So that the copy matches the original, write out every entry exactly.

Listed records START

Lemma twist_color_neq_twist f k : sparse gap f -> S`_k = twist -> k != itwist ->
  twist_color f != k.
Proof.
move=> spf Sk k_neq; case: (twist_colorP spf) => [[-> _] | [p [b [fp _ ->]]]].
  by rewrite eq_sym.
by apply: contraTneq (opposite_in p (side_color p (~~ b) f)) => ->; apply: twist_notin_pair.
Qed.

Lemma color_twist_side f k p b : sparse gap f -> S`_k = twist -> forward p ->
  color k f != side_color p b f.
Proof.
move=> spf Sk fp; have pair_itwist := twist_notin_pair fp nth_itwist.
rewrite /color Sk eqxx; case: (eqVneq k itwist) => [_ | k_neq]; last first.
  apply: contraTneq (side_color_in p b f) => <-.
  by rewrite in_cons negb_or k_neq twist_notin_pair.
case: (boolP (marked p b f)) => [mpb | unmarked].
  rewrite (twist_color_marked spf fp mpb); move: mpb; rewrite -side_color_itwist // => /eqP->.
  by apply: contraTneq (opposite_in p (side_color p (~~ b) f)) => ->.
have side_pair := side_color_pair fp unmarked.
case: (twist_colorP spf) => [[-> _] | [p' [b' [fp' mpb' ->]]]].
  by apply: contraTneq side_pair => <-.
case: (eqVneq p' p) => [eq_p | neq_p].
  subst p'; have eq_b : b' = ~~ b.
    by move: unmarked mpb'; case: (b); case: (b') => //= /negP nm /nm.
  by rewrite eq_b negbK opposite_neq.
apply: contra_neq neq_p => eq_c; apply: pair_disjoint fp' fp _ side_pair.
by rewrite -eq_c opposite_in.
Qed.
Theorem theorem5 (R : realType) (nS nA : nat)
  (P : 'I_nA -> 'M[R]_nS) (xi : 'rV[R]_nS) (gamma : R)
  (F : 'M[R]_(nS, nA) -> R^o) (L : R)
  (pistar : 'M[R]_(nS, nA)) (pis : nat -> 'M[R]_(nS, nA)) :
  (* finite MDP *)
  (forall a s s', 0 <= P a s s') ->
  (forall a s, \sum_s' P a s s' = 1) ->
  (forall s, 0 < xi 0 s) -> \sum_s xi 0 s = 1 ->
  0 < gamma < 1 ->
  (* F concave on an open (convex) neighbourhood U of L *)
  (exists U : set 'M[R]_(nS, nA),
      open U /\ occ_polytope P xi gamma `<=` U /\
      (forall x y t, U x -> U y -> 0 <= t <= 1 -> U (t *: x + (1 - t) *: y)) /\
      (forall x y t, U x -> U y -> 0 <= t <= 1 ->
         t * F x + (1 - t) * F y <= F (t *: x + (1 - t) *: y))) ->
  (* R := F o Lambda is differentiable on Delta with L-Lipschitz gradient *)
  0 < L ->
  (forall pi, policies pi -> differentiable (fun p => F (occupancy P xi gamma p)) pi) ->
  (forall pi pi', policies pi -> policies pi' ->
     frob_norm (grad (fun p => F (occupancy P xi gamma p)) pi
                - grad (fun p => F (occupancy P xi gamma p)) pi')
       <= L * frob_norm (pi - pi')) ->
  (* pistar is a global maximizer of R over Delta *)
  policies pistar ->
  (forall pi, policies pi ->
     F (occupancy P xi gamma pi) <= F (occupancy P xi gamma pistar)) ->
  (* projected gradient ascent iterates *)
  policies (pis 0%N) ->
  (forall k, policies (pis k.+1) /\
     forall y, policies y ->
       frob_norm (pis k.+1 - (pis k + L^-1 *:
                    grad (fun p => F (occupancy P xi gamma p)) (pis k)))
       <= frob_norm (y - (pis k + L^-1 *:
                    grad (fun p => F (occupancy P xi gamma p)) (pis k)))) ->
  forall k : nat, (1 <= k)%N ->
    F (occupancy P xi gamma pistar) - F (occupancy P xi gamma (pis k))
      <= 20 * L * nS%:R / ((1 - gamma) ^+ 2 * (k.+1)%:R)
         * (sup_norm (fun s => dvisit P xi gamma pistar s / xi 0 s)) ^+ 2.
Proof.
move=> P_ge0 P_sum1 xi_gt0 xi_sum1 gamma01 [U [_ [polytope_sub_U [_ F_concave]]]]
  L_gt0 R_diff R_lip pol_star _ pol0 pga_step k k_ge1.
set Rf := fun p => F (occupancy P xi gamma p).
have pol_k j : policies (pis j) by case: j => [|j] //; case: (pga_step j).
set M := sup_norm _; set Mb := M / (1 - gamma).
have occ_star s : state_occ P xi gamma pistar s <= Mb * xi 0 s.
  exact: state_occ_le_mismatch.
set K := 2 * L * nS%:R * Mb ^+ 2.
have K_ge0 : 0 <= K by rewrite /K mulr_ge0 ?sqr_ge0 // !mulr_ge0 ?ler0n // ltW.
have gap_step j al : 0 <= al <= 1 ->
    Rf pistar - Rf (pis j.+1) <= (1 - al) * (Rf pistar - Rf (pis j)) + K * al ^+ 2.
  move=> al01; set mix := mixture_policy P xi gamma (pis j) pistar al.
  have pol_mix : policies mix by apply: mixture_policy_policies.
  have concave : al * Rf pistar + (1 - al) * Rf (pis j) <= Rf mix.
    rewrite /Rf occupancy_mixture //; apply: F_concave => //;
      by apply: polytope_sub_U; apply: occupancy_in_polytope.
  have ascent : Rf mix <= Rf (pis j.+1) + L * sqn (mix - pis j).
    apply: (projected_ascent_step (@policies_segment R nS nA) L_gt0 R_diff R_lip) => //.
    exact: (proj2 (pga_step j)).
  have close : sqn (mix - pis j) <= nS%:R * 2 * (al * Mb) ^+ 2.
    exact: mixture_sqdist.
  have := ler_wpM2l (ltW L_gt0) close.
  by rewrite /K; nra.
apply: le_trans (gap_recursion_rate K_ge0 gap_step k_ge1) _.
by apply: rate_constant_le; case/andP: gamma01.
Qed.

Listed records END

Exercise solution:
Lemma twist_color_neq_twist f k : sparse gap f -> S`_k = twist -> k != itwist ->
  twist_color f != k.
Proof.
move=> spf Sk k_neq; case: (twist_colorP spf) => [[-> _] | [p [b [fp _ ->]]]].
  by rewrite eq_sym.
by apply: contraTneq (opposite_in p (side_color p (~~ b) f)) => ->; apply: twist_notin_pair.
Qed.

Lemma color_twist_side f k p b : sparse gap f -> S`_k = twist -> forward p ->
  color k f != side_color p b f.
Proof.
move=> spf Sk fp; have pair_itwist := twist_notin_pair fp nth_itwist.
rewrite /color Sk eqxx; case: (eqVneq k itwist) => [_ | k_neq]; last first.
  apply: contraTneq (side_color_in p b f) => <-.
  by rewrite in_cons negb_or k_neq twist_notin_pair.
case: (boolP (marked p b f)) => [mpb | unmarked].
  rewrite (twist_color_marked spf fp mpb); move: mpb; rewrite -side_color_itwist // => /eqP->.
  by apply: contraTneq (opposite_in p (side_color p (~~ b) f)) => ->.
have side_pair := side_color_pair fp unmarked.
case: (twist_colorP spf) => [[-> _] | [p' [b' [fp' mpb' ->]]]].
  by apply: contraTneq side_pair => <-.
case: (eqVneq p' p) => [eq_p | neq_p].
  subst p'; have eq_b : b' = ~~ b.
    by move: unmarked mpb'; case: (b); case: (b') => //= /negP nm /nm.
  by rewrite eq_b negbK opposite_neq.
apply: contra_neq neq_p => eq_c; apply: pair_disjoint fp' fp _ side_pair.
by rewrite -eq_c opposite_in.
Qed.
Theorem theorem5 (R : realType) (nS nA : nat)
  (P : 'I_nA -> 'M[R]_nS) (xi : 'rV[R]_nS) (gamma : R)
  (F : 'M[R]_(nS, nA) -> R^o) (L : R)
  (pistar : 'M[R]_(nS, nA)) (pis : nat -> 'M[R]_(nS, nA)) :
  (* finite MDP *)
  (forall a s s', 0 <= P a s s') ->
  (forall a s, \sum_s' P a s s' = 1) ->
  (forall s, 0 < xi 0 s) -> \sum_s xi 0 s = 1 ->
  0 < gamma < 1 ->
  (* F concave on an open (convex) neighbourhood U of L *)
  (exists U : set 'M[R]_(nS, nA),
      open U /\ occ_polytope P xi gamma `<=` U /\
      (forall x y t, U x -> U y -> 0 <= t <= 1 -> U (t *: x + (1 - t) *: y)) /\
      (forall x y t, U x -> U y -> 0 <= t <= 1 ->
         t * F x + (1 - t) * F y <= F (t *: x + (1 - t) *: y))) ->
  (* R := F o Lambda is differentiable on Delta with L-Lipschitz gradient *)
  0 < L ->
  (forall pi, policies pi -> differentiable (fun p => F (occupancy P xi gamma p)) pi) ->
  (forall pi pi', policies pi -> policies pi' ->
     frob_norm (grad (fun p => F (occupancy P xi gamma p)) pi
                - grad (fun p => F (occupancy P xi gamma p)) pi')
       <= L * frob_norm (pi - pi')) ->
  (* pistar is a global maximizer of R over Delta *)
  policies pistar ->
  (forall pi, policies pi ->
     F (occupancy P xi gamma pi) <= F (occupancy P xi gamma pistar)) ->
  (* projected gradient ascent iterates *)
  policies (pis 0%N) ->
  (forall k, policies (pis k.+1) /\
     forall y, policies y ->
       frob_norm (pis k.+1 - (pis k + L^-1 *:
                    grad (fun p => F (occupancy P xi gamma p)) (pis k)))
       <= frob_norm (y - (pis k + L^-1 *:
                    grad (fun p => F (occupancy P xi gamma p)) (pis k)))) ->
  forall k : nat, (1 <= k)%N ->
    F (occupancy P xi gamma pistar) - F (occupancy P xi gamma (pis k))
      <= 20 * L * nS%:R / ((1 - gamma) ^+ 2 * (k.+1)%:R)
         * (sup_norm (fun s => dvisit P xi gamma pistar s / xi 0 s)) ^+ 2.
Proof.
move=> P_ge0 P_sum1 xi_gt0 xi_sum1 gamma01 [U [_ [polytope_sub_U [_ F_concave]]]]
  L_gt0 R_diff R_lip pol_star _ pol0 pga_step k k_ge1.
set Rf := fun p => F (occupancy P xi gamma p).
have pol_k j : policies (pis j) by case: j => [|j] //; case: (pga_step j).
set M := sup_norm _; set Mb := M / (1 - gamma).
have occ_star s : state_occ P xi gamma pistar s <= Mb * xi 0 s.
  exact: state_occ_le_mismatch.
set K := 2 * L * nS%:R * Mb ^+ 2.
have K_ge0 : 0 <= K by rewrite /K mulr_ge0 ?sqr_ge0 // !mulr_ge0 ?ler0n // ltW.
have gap_step j al : 0 <= al <= 1 ->
    Rf pistar - Rf (pis j.+1) <= (1 - al) * (Rf pistar - Rf (pis j)) + K * al ^+ 2.
  move=> al01; set mix := mixture_policy P xi gamma (pis j) pistar al.
  have pol_mix : policies mix by apply: mixture_policy_policies.
  have concave : al * Rf pistar + (1 - al) * Rf (pis j) <= Rf mix.
    rewrite /Rf occupancy_mixture //; apply: F_concave => //;
      by apply: polytope_sub_U; apply: occupancy_in_polytope.
  have ascent : Rf mix <= Rf (pis j.+1) + L * sqn (mix - pis j).
    apply: (projected_ascent_step (@policies_segment R nS nA) L_gt0 R_diff R_lip) => //.
    exact: (proj2 (pga_step j)).
  have close : sqn (mix - pis j) <= nS%:R * 2 * (al * Mb) ^+ 2.
    exact: mixture_sqdist.
  have := ler_wpM2l (ltW L_gt0) close.
  by rewrite /K; nra.
apply: le_trans (gap_recursion_rate K_ge0 gap_step k_ge1) _.
by apply: rate_constant_le; case/andP: gamma01.
Qed.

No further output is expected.